Penjaga hutan telah menembak mati seekor buaya setinggi 14 kaki di Australia utara setelahnya membunuh seorang gadis berusia 12 tahun saat dia berenang bersama keluarganya minggu lalu, kata polisi pada hari Rabu.

Kematian gadis tersebut merupakan serangan buaya fatal pertama di Northern Territory sejak tahun 2018 ketika seorang perempuan Pribumi terbunuh saat mengumpulkan kerang di sungai. Serangan ini telah menghidupkan kembali perdebatan mengenai apakah tindakan lebih lanjut harus dilakukan untuk mengekang populasi buaya di Northern Territory, dimana spesies yang dilindungi ini semakin merambah populasi manusia.

Penjaga hutan telah berusaha menjebak atau menembak buaya tersebut sejak gadis itu diserang minggu lalu di Mango Creek dekat Palumpa, sebuah komunitas Pribumi Pedalaman di Northern Territory.

Mereka menembak hewan tersebut pada hari Minggu setelah mendapat izin dari pemilik tanah adat di wilayah tersebut. Buaya air asin dianggap sebagai totem oleh banyak penduduk asli Australia.

Polisi mengatakan analisis telah mengonfirmasi bahwa hewan itulah yang membunuh gadis tersebut.

“Kejadian minggu lalu berdampak besar pada keluarga dan polisi setempat terus memberikan dukungan kepada semua orang yang terkena dampak,” Sersan senior. Erica Gibson mengatakan dalam pernyataan polisi.

Ilmuwan buaya yang berbasis di Northern Territory, Grahame Webb, mengatakan reptil seukuran satu tembakan harus berjenis kelamin jantan dan berusia minimal 30 tahun. Mereka tumbuh sepanjang hidup mereka dan dapat hidup hingga 70 tahun.

Kematian gadis tersebut terjadi beberapa minggu setelah Northern Territory menyetujui rencana 10 tahun untuk membatasi jumlah buaya, sehingga meningkatkan tingkat pemusnahan di dekat habitat manusia dari 300 menjadi 1.200 per tahun.

Pemerintah Northern Territory mengatakan setelah kematian terakhir ini, jumlah buaya tidak boleh melebihi jumlah manusia. Itu pemerintah telah mengatakan sebelumnya lembaga ini “menggunakan pendekatan pengelolaan strategis berbasis risiko untuk menentukan tingkat aktivitas pengelolaan” buaya.

“Kami tinggal di tempat di mana buaya menempati perairan kami,” kata Menteri Kepolisian Wilayah Utara Brent Potter pekan lalu, menurut jaringan mitra CBS News. berita BBC. “Ini hanya pengingat untuk sebisa mungkin menghindari air.”

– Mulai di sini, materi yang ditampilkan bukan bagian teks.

(* For every nontrivial finite group $G$, $\beta(G)\ge\beta_{\mathrm g}(G)$. Moreover, there exist finite groups $G$ with $\beta(G)>\beta_{\mathrm g}(G)$.
   Context: For a nonempty subset $X$ of a group $G$, $Q(X):=\{xy^{-1}: x,y\in X\}$. Nonempty subsets $S_1,S_2,S_3$ of $G$ satisfy the Triple Product Property (TPP) if for all $s_i\in Q(S_i)$: $s_1s_2s_3=1$ iff $s_1=s_2=s_3=1$. A group $G$ realizes $\langle n,p,m\rangle$ if there are subsets $S_1,S_2,S_3\subseteq G$ with $|S_1|=n$, $|S_2|=p$, $|S_3|=m$ satisfying the TPP; it realizes it through subgroups if the $S_i$ can be chosen to be subgroups. For a nontrivial finite group $G$, the TPP capacity is $\beta(G):=\max\{npm : G \text{ realizes } \langle n,p,m\rangle\}$ and the TPP subgroup capacity is $\beta_{\mathrm g}(G):=\max\{npm : G \text{ realizes } \langle n,p,m\rangle \text{ through subgroups}\}$. *)

From mathcomp Require Import all_boot all_fingroup.
Set Implicit Arguments. Unset Strict Implicit. Unset Printing Implicit Defensive.
Local Open Scope group_scope.

Definition Qset (gT : finGroupType) (X : {set gT}) : {set gT} :=
  [set x * y^-1 | x in X, y in X].

Definition TPP (gT : finGroupType) (G : {set gT}) (S1 S2 S3 : {set gT}) : bool :=
  [&& S1 != set0, S2 != set0, S3 != set0,
      S1 \subset G, S2 \subset G, S3 \subset G &
      [forall s1 in Qset S1, forall s2 in Qset S2, forall s3 in Qset S3,
         (s1 * s2 * s3 == 1) == [&& s1 == 1, s2 == 1 & s3 == 1]]].

Definition realizes (gT : finGroupType) (G : {set gT}) (n p m : nat) : Prop :=
  exists S1 S2 S3 : {set gT},
    [/\ TPP G S1 S2 S3, #|S1| = n, #|S2| = p & #|S3| = m].

Definition realizes_sub (gT : finGroupType) (G : {set gT}) (n p m : nat) : Prop :=
  exists S1 S2 S3 : {group gT},
    [/\ TPP G S1 S2 S3, #|S1| = n, #|S2| = p & #|S3| = m].

Definition triple (gT : finGroupType) := ({set gT} * {set gT} * {set gT})%type.

Definition beta (gT : finGroupType) (G : {set gT}) : nat :=
  \max_(S : triple gT | TPP G S.1.1 S.1.2 S.2) (#|S.1.1| * #|S.1.2| * #|S.2|)%N.

Definition beta_g (gT : finGroupType) (G : {set gT}) : nat :=
  \max_(S : triple gT | [&& group_set S.1.1, group_set S.1.2, group_set S.2 &
                           TPP G S.1.1 S.1.2 S.2])
     (#|S.1.1| * #|S.1.2| * #|S.2|)%N.

(* Every subgroup triple with the TPP is a triple of subsets with the TPP,
   so [beta_g G <= beta G].  For strictness take the dicyclic group
   Dic3 = <a, x | a^6 = 1, x^2 = a^3, a^x = a^-1> of order 12.  Every
   nontrivial subgroup contains the central involution a^3 or the element
   a^2 of order 3, while subgroups with the TPP intersect pairwise
   trivially; so one of the three subgroups is trivial and the other two
   have product of orders at most 12.  On the other hand the subsets
   {1, x, a^3, a^3 x}, {1, a x}, {1, a^2 x} have the TPP, giving 16. *)

From HB Require Import structures.
From mathcomp Require Import all_boot all_fingroup ssralg zmodp.
Set Implicit Arguments. Unset Strict Implicit. Unset Printing Implicit Defensive.

Local Open Scope group_scope.

Section TriplePropertyFacts.

Variables (gT : finGroupType) (G : {set gT}).

Lemma mem_Qset_group (A : {group gT}) x : x \in A -> x \in Qset A.
Proof.
by move=> Ax; apply/imset2P; exists x 1; rewrite ?group1 ?invg1 ?mulg1.
Qed.

Lemma TPP_subset S1 S2 S3 :
  TPP G S1 S2 S3 -> [/\ S1 \subset G, S2 \subset G & S3 \subset G].
Proof. by case/and5P=> _ _ _ sS1G /and3P[sS2G sS3G _]. Qed.

Lemma TPP_prod1 S1 S2 S3 s1 s2 s3 :
    TPP G S1 S2 S3 -> s1 \in Qset S1 -> s2 \in Qset S2 -> s3 \in Qset S3 ->
  s1 * s2 * s3 = 1 -> [/\ s1 = 1, s2 = 1 & s3 = 1].
Proof.
case/and5P=> _ _ _ _ /and3P[_ _ /forall_inP tpp] Qs1 Qs2 Qs3 prod1.
move: (tpp s1 Qs1) => /forall_inP /(_ s2 Qs2) /forall_inP /(_ s3 Qs3).
by rewrite prod1 eqxx => /eqP /esym /and3P[/eqP-> /eqP-> /eqP->].
Qed.

Lemma TPP_subgroups_TI (A B C : {group gT}) :
  TPP G A B C -> [/\ A :&: B = 1, B :&: C = 1 & A :&: C = 1].
Proof.
move=> tpp; split; apply/trivgP/subsetP => x /setIP[xX xY]; rewrite inE.
- have prod1 : x * x^-1 * 1 = 1 by rewrite mulgV mulg1.
  by have [-> _ _] := TPP_prod1 tpp (mem_Qset_group xX)
    (mem_Qset_group (groupVr xY)) (mem_Qset_group (group1 C)) prod1.
- have prod1 : 1 * x * x^-1 = 1 by rewrite mul1g mulgV.
  by have [_ -> _] := TPP_prod1 tpp (mem_Qset_group (group1 A))
    (mem_Qset_group xX) (mem_Qset_group (groupVr xY)) prod1.
- have prod1 : x * 1 * x^-1 = 1 by rewrite mulg1 mulgV.
  by have [-> _ _] := TPP_prod1 tpp (mem_Qset_group xX)
    (mem_Qset_group (group1 B)) (mem_Qset_group (groupVr xY)) prod1.
Qed.

Lemma TPP_le_beta S1 S2 S3 :
  TPP G S1 S2 S3 -> (#|S1| * #|S2| * #|S3| <= beta G)%N.
Proof.
exact: (@leq_bigmax_cond _ (fun S : triple gT => TPP G S.1.1 S.1.2 S.2)
          (fun S => #|S.1.1| * #|S.1.2| * #|S.2|)%N (S1, S2, S3)).
Qed.

Lemma beta_g_le_beta : (beta_g G <= beta G)%N.
Proof. by apply/bigmax_leqP => S /and4P[_ _ _ /TPP_le_beta]. Qed.

End TriplePropertyFacts.

Section TwoElementCover.

Variables (gT : finGroupType) (G : {group gT}).

Lemma TI_card_mul_le (A B : {group gT}) :
  A \subset G -> B \subset G -> A :&: B = 1 -> (#|A| * #|B| <= #|G|)%N.
Proof.
by move=> sAG sBG tiAB; rewrite -TI_cardMg // subset_leq_card // mul_subG.
Qed.

Variables z t : gT.
Hypotheses (ntz : z != 1) (ntt : t != 1).
Hypothesis subgroup_cover :
  forall H : {group gT}, H \subset G -> H :!=: 1 -> (z \in H) || (t \in H).

Lemma pairwise_TI_trivial (A B C : {group gT}) :
    A \subset G -> B \subset G -> C \subset G ->
    A :&: B = 1 -> B :&: C = 1 -> A :&: C = 1 ->
  [|| A :==: 1, B :==: 1 | C :==: 1].
Proof.
move=> sAG sBG sCG tiAB tiBC tiAC.
apply/negPn; rewrite !negb_or; apply/negP => /and3P[ntA ntB ntC].
have clash x (X Y : {group gT}) : X :&: Y = 1 -> x \in X -> x \in Y -> x != 1 -> False.
  move=> tiXY xX xY; have: x \in X :&: Y by rewrite inE xX xY.
  by rewrite tiXY inE => /eqP->; rewrite eqxx.
have /orP[zA|tA] := subgroup_cover sAG ntA;
  have /orP[zB|tB] := subgroup_cover sBG ntB;
  have /orP[zC|tC] := subgroup_cover sCG ntC.
all: by [ apply: (@clash z _ _ tiAB) | apply: (@clash z _ _ tiBC) | apply: (@clash z _ _ tiAC)
        | apply: (@clash t _ _ tiAB) | apply: (@clash t _ _ tiBC) | apply: (@clash t _ _ tiAC) ].
Qed.

Lemma TPP_subgroups_card_le (A B C : {group gT}) :
  TPP G A B C -> (#|A| * #|B| * #|C| <= #|G|)%N.
Proof.
move=> tpp; have [sAG sBG sCG] := TPP_subset tpp.
have [tiAB tiBC tiAC] := TPP_subgroups_TI tpp.
case/or3P: (pairwise_TI_trivial sAG sBG sCG tiAB tiBC tiAC) => /eqP->;
  rewrite cards1 ?mul1n ?muln1.
- exact: TI_card_mul_le sBG sCG tiBC.
- exact: TI_card_mul_le sAG sCG tiAC.
- exact: TI_card_mul_le sAG sBG tiAB.
Qed.

Lemma beta_g_le_card : (beta_g G <= #|G|)%N.
Proof.
apply/bigmax_leqP => [[[A B] C]] /and4P[gA gB gC].
exact: (@TPP_subgroups_card_le (Group gA) (Group gB) (Group gC)).
Qed.

End TwoElementCover.

Section SequenceCheck.

Variable gT : finGroupType.

Definition quotients (s : seq gT) : seq gT := [seq x * y^-1 | x <- s, y <- s].

Definition tpp_check (s1 s2 s3 : seq gT) : bool :=
  all (fun q1 => all (fun q2 => all (fun q3 =>
    (q1 * q2 * q3 == 1) == [&& q1 == 1, q2 == 1 & q3 == 1])
  (quotients s3)) (quotients s2)) (quotients s1).

Lemma mem_quotients (s : seq gT) q : q \in Qset [set x in s] -> q \in quotients s.
Proof. by case/imset2P=> x y; rewrite !inE => xs ys ->; apply: allpairs_f. Qed.

Lemma TPP_setT_seq (x1 x2 x3 : gT) (s1 s2 s3 : seq gT) :
    tpp_check (x1 :: s1) (x2 :: s2) (x3 :: s3) ->
  TPP [set: gT] [set x in x1 :: s1] [set x in x2 :: s2] [set x in x3 :: s3].
Proof.
have ne x s : [set y in x :: s] != set0 by apply/set0Pn; exists x; rewrite !inE eqxx.
move=> check; rewrite /TPP !ne !subsetT /=.
apply/forall_inP => q1 /mem_quotients Q1; apply/forall_inP => q2 /mem_quotients Q2.
apply/forall_inP => q3 /mem_quotients Q3.
by move/allP: check => /(_ q1 Q1) /allP /(_ q2 Q2) /allP /(_ q3 Q3).
Qed.

Lemma card_set_seq (s : seq gT) : uniq s -> #|[set x in s]| = size s.
Proof. by move=> uniq_s; rewrite cardsE; apply/card_uniqP. Qed.

End SequenceCheck.

(* [Dic (i, j)] stands for a^i x^j in Dic3 = <a, x | a^6 = 1, x^2 = a^3, a^x = a^-1>. *)
Inductive dic := Dic of ('I_6 * bool).
Definition dval (u : dic) := let: Dic p := u in p.
Lemma dvalK : cancel dval Dic. Proof. by case. Qed.
HB.instance Definition _ := Finite.copy dic (can_type dvalK).

Local Open Scope ring_scope.
Definition dic_mul (u v : dic) : dic :=
  let: Dic (i, j) := u in let: Dic (k, l) := v in
  Dic (i + (if j then - k else k) + (if j && l then 3%:R else 0), j (+) l).
Definition dic_one := Dic (0, false).
Definition dic_inv (u : dic) : dic :=
  let: Dic (i, j) := u in if j then Dic (i + 3%:R, true) else Dic (- i, false).
Local Close Scope ring_scope.

Definition dic_elt (k : nat) (b : bool) : dic := Dic (inZp k, b).

(* An explicit enumeration, since [card] and [enum] are locked and do not compute. *)
Definition dic_elts := [seq dic_elt k b | k <- iota 0 6, b <- [:: false; true]].

Lemma mem_dic_elts u : u \in dic_elts.
Proof. by case: u => [[[[|[|[|[|[|[|k]]]]]] lt_k6] []]]. Qed.

Lemma all_dic_elts (P : pred dic) : all P dic_elts -> forall u, P u.
Proof. by move=> /allP allP_elts u; apply: allP_elts; apply: mem_dic_elts. Qed.

Lemma dic_mulA : associative dic_mul.
Proof.
have check : all (fun u => all (fun v => all (fun w =>
  dic_mul (dic_mul u v) w == dic_mul u (dic_mul v w)) dic_elts) dic_elts) dic_elts.
  by vm_compute.
move=> u v w; move/allP: check => /(_ u (mem_dic_elts u)).
by move=> /allP /(_ v (mem_dic_elts v)) /allP /(_ w (mem_dic_elts w)) /eqP.
Qed.

Lemma dic_mul1 : left_id dic_one dic_mul.
Proof. by move=> u; apply/eqP; move: u; apply: all_dic_elts; vm_compute. Qed.

Lemma dic_mulV : left_inverse dic_one dic_inv dic_mul.
Proof. by move=> u; apply/eqP; move: u; apply: all_dic_elts; vm_compute. Qed.

HB.instance Definition _ := Finite_isGroup.Build dic dic_mulA dic_mul1 dic_mulV.

Definition dic_z := dic_elt 3 false.
Definition dic_t := dic_elt 2 false.

Lemma dic_z_neq1 : dic_z != 1. Proof. by vm_compute. Qed.
Lemma dic_t_neq1 : dic_t != 1. Proof. by vm_compute. Qed.

Lemma card_dic : #|[set: dic]| = 12%N.
Proof.
rewrite -[12%N]/(size dic_elts) -(card_set_seq (isT : uniq dic_elts)).
by apply: eq_card => u; rewrite in_setT in_set mem_dic_elts.
Qed.

Lemma dic_subgroup_cover (H : {group dic}) :
  H \subset [set: dic] -> H :!=: 1 -> (dic_z \in H) || (dic_t \in H).
Proof.
have powers : all (fun u => (u == 1) ||
  has (fun n => (u ^+ n == dic_z) || (u ^+ n == dic_t)) (iota 0 6)) dic_elts.
  by vm_compute.
move=> _ /trivgPn[u Hu /negPf u_neq1].
move: (all_dic_elts powers u); rewrite u_neq1 => /hasP[n _ /orP[]] /eqP <-.
all: by rewrite groupX ?orbT.
Qed.

Lemma beta_g_dic : (beta_g [set: dic] <= 12)%N.
Proof. by rewrite -card_dic (beta_g_le_card dic_z_neq1 dic_t_neq1 dic_subgroup_cover). Qed.

Lemma beta_dic : (16 <= beta [set: dic])%N.
Proof.
pose S1 := [:: dic_elt 0 false; dic_elt 0 true; dic_elt 3 false; dic_elt 3 true].
pose S2 := [:: dic_elt 0 false; dic_elt 1 true].
pose S3 := [:: dic_elt 0 false; dic_elt 2 true].
have tpp : TPP [set: dic] [set x in S1] [set x in S2] [set x in S3].
  by apply: TPP_setT_seq; vm_compute.
by have := TPP_le_beta tpp; rewrite !card_set_seq.
Qed.

Theorem mainTheorem6 :
  (forall (gT : finGroupType) (G : {group gT}), G :!=: 1%g -> beta_g G <= beta G)%N /\
  (exists (gT : finGroupType) (G : {group gT}), G :!=: 1%g /\ (beta_g G < beta G)%N).
Proof.
split=> [gT G _ | ]; first exact: beta_g_le_beta.
exists dic, [set: dic]%G; split.
  by apply/trivgPn; exists dic_z; rewrite ?inE ?dic_z_neq1.
exact: leq_ltn_trans beta_g_dic (leq_trans _ beta_dic).
Qed.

Northern Territory memiliki luas daratan sekitar luas gabungan Perancis dan Spanyol tetapi hanya berpenduduk 250.000 orang. Jumlah buaya diperkirakan mencapai 100.000. Populasi buaya hanya berjumlah 3.000 ekor sebelum perburuan mereka dilarang oleh undang-undang federal pada tahun 1971.

Webb mengatakan buaya di wilayah tersebut telah menstabilkan populasi mereka dalam beberapa tahun terakhir dengan saling membunuh demi makanan atau wilayah. “Mereka saling memakan. Buaya telah mengendalikan populasi mereka sendiri. Sebenarnya bukan manusia yang mengendalikan mereka,” kata Webb.

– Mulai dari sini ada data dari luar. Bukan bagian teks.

Section Tensors.
Variable K : fieldType.

(* An element of U (x) V is represented by a finite list of simple tensors
   sum_i u_i (x) v_i.  Two representatives are equal in U (x) V iff every
   K-bilinear form takes the same value on them (K a field). *)
Definition bilinear_form (U V : lmodType K) (f : U -> V -> K) : Prop :=
  (forall (a : K) u u' v, f (a *: u + u') v = a * f u v + f u' v) /\
  (forall (a : K) u v v', f u (a *: v + v') = a * f u v + f u v').

Definition teq (U V : lmodType K) (t1 t2 : seq (U * V)) : Prop :=
  forall f : U -> V -> K, bilinear_form f ->
    \sum_(p <- t1) f p.1 p.2 = \sum_(p <- t2) f p.1 p.2.

Definition trilinear_form (U V W : lmodType K) (f : U -> V -> W -> K) : Prop :=
  (forall (a : K) u u' v w, f (a *: u + u') v w = a * f u v w + f u' v w) /\
  (forall (a : K) u v v' w, f u (a *: v + v') w = a * f u v w + f u v' w) /\
  (forall (a : K) u v w w', f u v (a *: w + w') = a * f u v w + f u v w').

Definition teq3 (U V W : lmodType K) (t1 t2 : seq (U * V * W)) : Prop :=
  forall f : U -> V -> W -> K, trilinear_form f ->
    \sum_(p <- t1) f p.1.1 p.1.2 p.2 = \sum_(p <- t2) f p.1.1 p.1.2 p.2.

Definition tmul (H : algType K) (t t' : seq (H * H)) : seq (H * H) :=
  [seq (x.1 * y.1, x.2 * y.2) | x <- t, y <- t'].

Record is_hopf (H : algType K) (D : H -> seq (H * H)) (e : H -> K) (S : H -> H)
  : Prop := {
  hopf_D_lin : forall (a : K) h g,
    teq (D (a *: h + g)) ([seq (a *: p.1, p.2) | p <- D h] ++ D g);
  hopf_D_mul : forall h g, teq (D (h * g)) (tmul (D h) (D g));
  hopf_D_one : teq (D 1) [:: (1, 1)];
  hopf_coass : forall h,
    teq3 [seq (q.1, q.2, p.2) | p <- D h, q <- D p.1]
         [seq (p.1, q.1, q.2) | p <- D h, q <- D p.2];
  hopf_e_lin : forall (a : K) h g, e (a *: h + g) = a * e h + e g;
  hopf_e_mul : forall h g, e (h * g) = e h * e g;
  hopf_e_one : e 1 = 1;
  hopf_counitL : forall h, \sum_(p <- D h) e p.1 *: p.2 = h;
  hopf_counitR : forall h, \sum_(p <- D h) e p.2 *: p.1 = h;
  hopf_S_lin : forall (a : K) h g, S (a *: h + g) = a *: S h + S g;
  hopf_antipodeL : forall h, \sum_(p <- D h) S p.1 * p.2 = e h *: 1;
  hopf_antipodeR : forall h, \sum_(p <- D h) p.1 * S p.2 = e h *: 1
}.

Buaya sangat mobile, dan secara berkala mengalami pertemuan berbahaya dengan orang-orang di Australia. Bulan lalu, polisi menembak dan membunuh seekor buaya air asin yang meneror komunitas terpencil Australia dengan memakan anjing dan menyerang anak-anak. Reptil itu adalah dimasak dan dimakan oleh penduduk setempat.

Pada Malam Tahun Baru, seekor buaya melompat di atas kapal nelayan di Queensland ketika pria itu sedang memancing di sungai. Dia tidak terluka.

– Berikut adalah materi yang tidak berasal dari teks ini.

Lemma walk_rcons x p z t y :
  walk L x (rcons p (z, t)) y <-> exists w, [/\ walk L x p w, has_label L w z t & z = y].
Proof.
rewrite -cats1 walk_cat; split; first by move=> [w [hp /= [hl hz]]]; exists w.
by move=> [w [hp hl hz]]; exists w.
Qed.

Lemma walk_last x p y : walk L x p y -> y = last x (map fst p).
Proof. by elim: p x => [|[z t] p IH] x //= [_ /IH]. Qed.

Definition endpoints := flatten [seq [:: l.1.1; l.1.2] | l <- L].

Lemma size_endpoints : size endpoints = 2 * size L.
Proof. by rewrite /endpoints; elim: L => [|l ls IH] //=; rewrite IH; lia. Qed.

Lemma has_label_endpoints x z t : has_label L x z t -> z \in endpoints.
Proof.
rewrite /endpoints => -[] h; apply/flattenP.
  by exists [:: x; z]; [apply/mapP; exists (x, z, t) | rewrite !inE eqxx orbT].
by exists [:: z; x]; [apply/mapP; exists (z, x, t) | rewrite !inE eqxx].
Qed.

Lemma walk_endpoints x p y : walk L x p y -> {subset map fst p <= endpoints}.
Proof.
elim: p x => [|[z t] p IH] x //= [hl hp] w; rewrite inE => /orP [/eqP ->|h].
  exact: has_label_endpoints hl.
exact: IH hp _ h.
Qed.

(* A walk visiting more than [2 * size L + 1] vertices repeats one; cutting
   out the cycle cannot delay the clock, by monotonicity. *)
Lemma walk_shorten a x p y : walk L x p y ->
  exists q, [/\ walk L x q y, clock_after a q <= clock_after a p & size q <= 2 * size L].
Proof.
elim: {p}(size p) {-2}p (leqnn (size p)) => [|N IH] p hN hp.
  by exists p; split => //; lia.
have [hsz|hsz] := leqP (size p) (2 * size L); first by exists p.
have /(uniqPn x) [i [j [hij hj he]]] : ~~ uniq (x :: map fst p).
  apply/negP => hu.
  have sub : {subset x :: map fst p <= x :: endpoints}.
    by move=> w; rewrite !inE => /orP [->//|h]; rewrite (walk_endpoints hp h) orbT.
  by have := uniq_leq_size hu sub; rewrite /= size_map size_endpoints; lia.
move: hj; rewrite /= size_map ltnS => hj.
set c := nth x (x :: map fst p) i.
have ep : p = take i p ++ (take (j - i) (drop i p) ++ drop (j - i) (drop i p)).
  by rewrite !cat_take_drop.
move: (hp); rewrite ep => /walk_cat [c1 [h1 /walk_cat [c2 [h2 h3]]]].
have ec1 : c1 = c by rewrite (walk_last h1) map_take last_take // size_map; lia.
have ec2 : c2 = c.
  rewrite (walk_last h2) map_take last_take ?size_map ?size_drop; last lia.
  rewrite -[j - i]prednK; last lia.
  rewrite /= map_drop nth_drop (set_nth_default x); last by rewrite size_map; lia.
  rewrite /c he; case: j hij hj {he ep h2 h3} => [|j] hij hj //=.
  by congr nth; lia.
set q := take i p ++ drop (j - i) (drop i p).
have hq : walk L x q y by apply/walk_cat; exists c; rewrite -{1}ec1 -ec2.
have hqs : size q <= N.
  by rewrite /q size_cat size_take !size_drop (_ : (i < size p) = true); [lia|apply/idP; lia].
have [q' [h1' h2' h3']] := IH q hqs hq.
exists q'; split => //; apply: leq_trans h2' _.
by rewrite {2}ep /q !clock_after_cat; apply: clock_after_mono; exact: leq_clock_after.
Qed.

End Walks.

Definition relax_clock (sx sz t : nat) : nat :=
  if sx == 0 then sz else if sz == 0 then (maxn sx t).+1 else minn sz (maxn sx t).+1.

Definition relax (s : nat -> nat) (x z t : nat) : nat -> nat :=
  fun y => if y == z then relax_clock (s x) (s z) t else s y.

Definition relax_label (s : nat -> nat) (l : label) : nat -> nat :=
  relax (relax s l.1.1 l.1.2 l.2) l.1.2 l.1.1 l.2.

Definition bf_round (L : seq label) (s : nat -> nat) : nat -> nat := foldl relax_label s L.

Definition source_clock (v : nat) : nat -> nat := fun y => if y == v then 1 else 0.

Definition bf_clock (L : seq label) (v : nat) : nat -> nat :=
  iter (2 * size L).+1 (bf_round L) (source_clock v).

Pada Mei 2023, seorang pria yang sedang snorkeling di lepas pantai Queensland Utara, Australia, diserang oleh buaya – dan bertahan hidup dengan mencongkel rahangnya lepas dari kepalanya. Pada bulan yang sama, sisa-sisa seorang pria Australia yang hilang dalam perjalanan memancing di perairan yang dipenuhi buaya ditemukan di dalam dua reptil tersebut.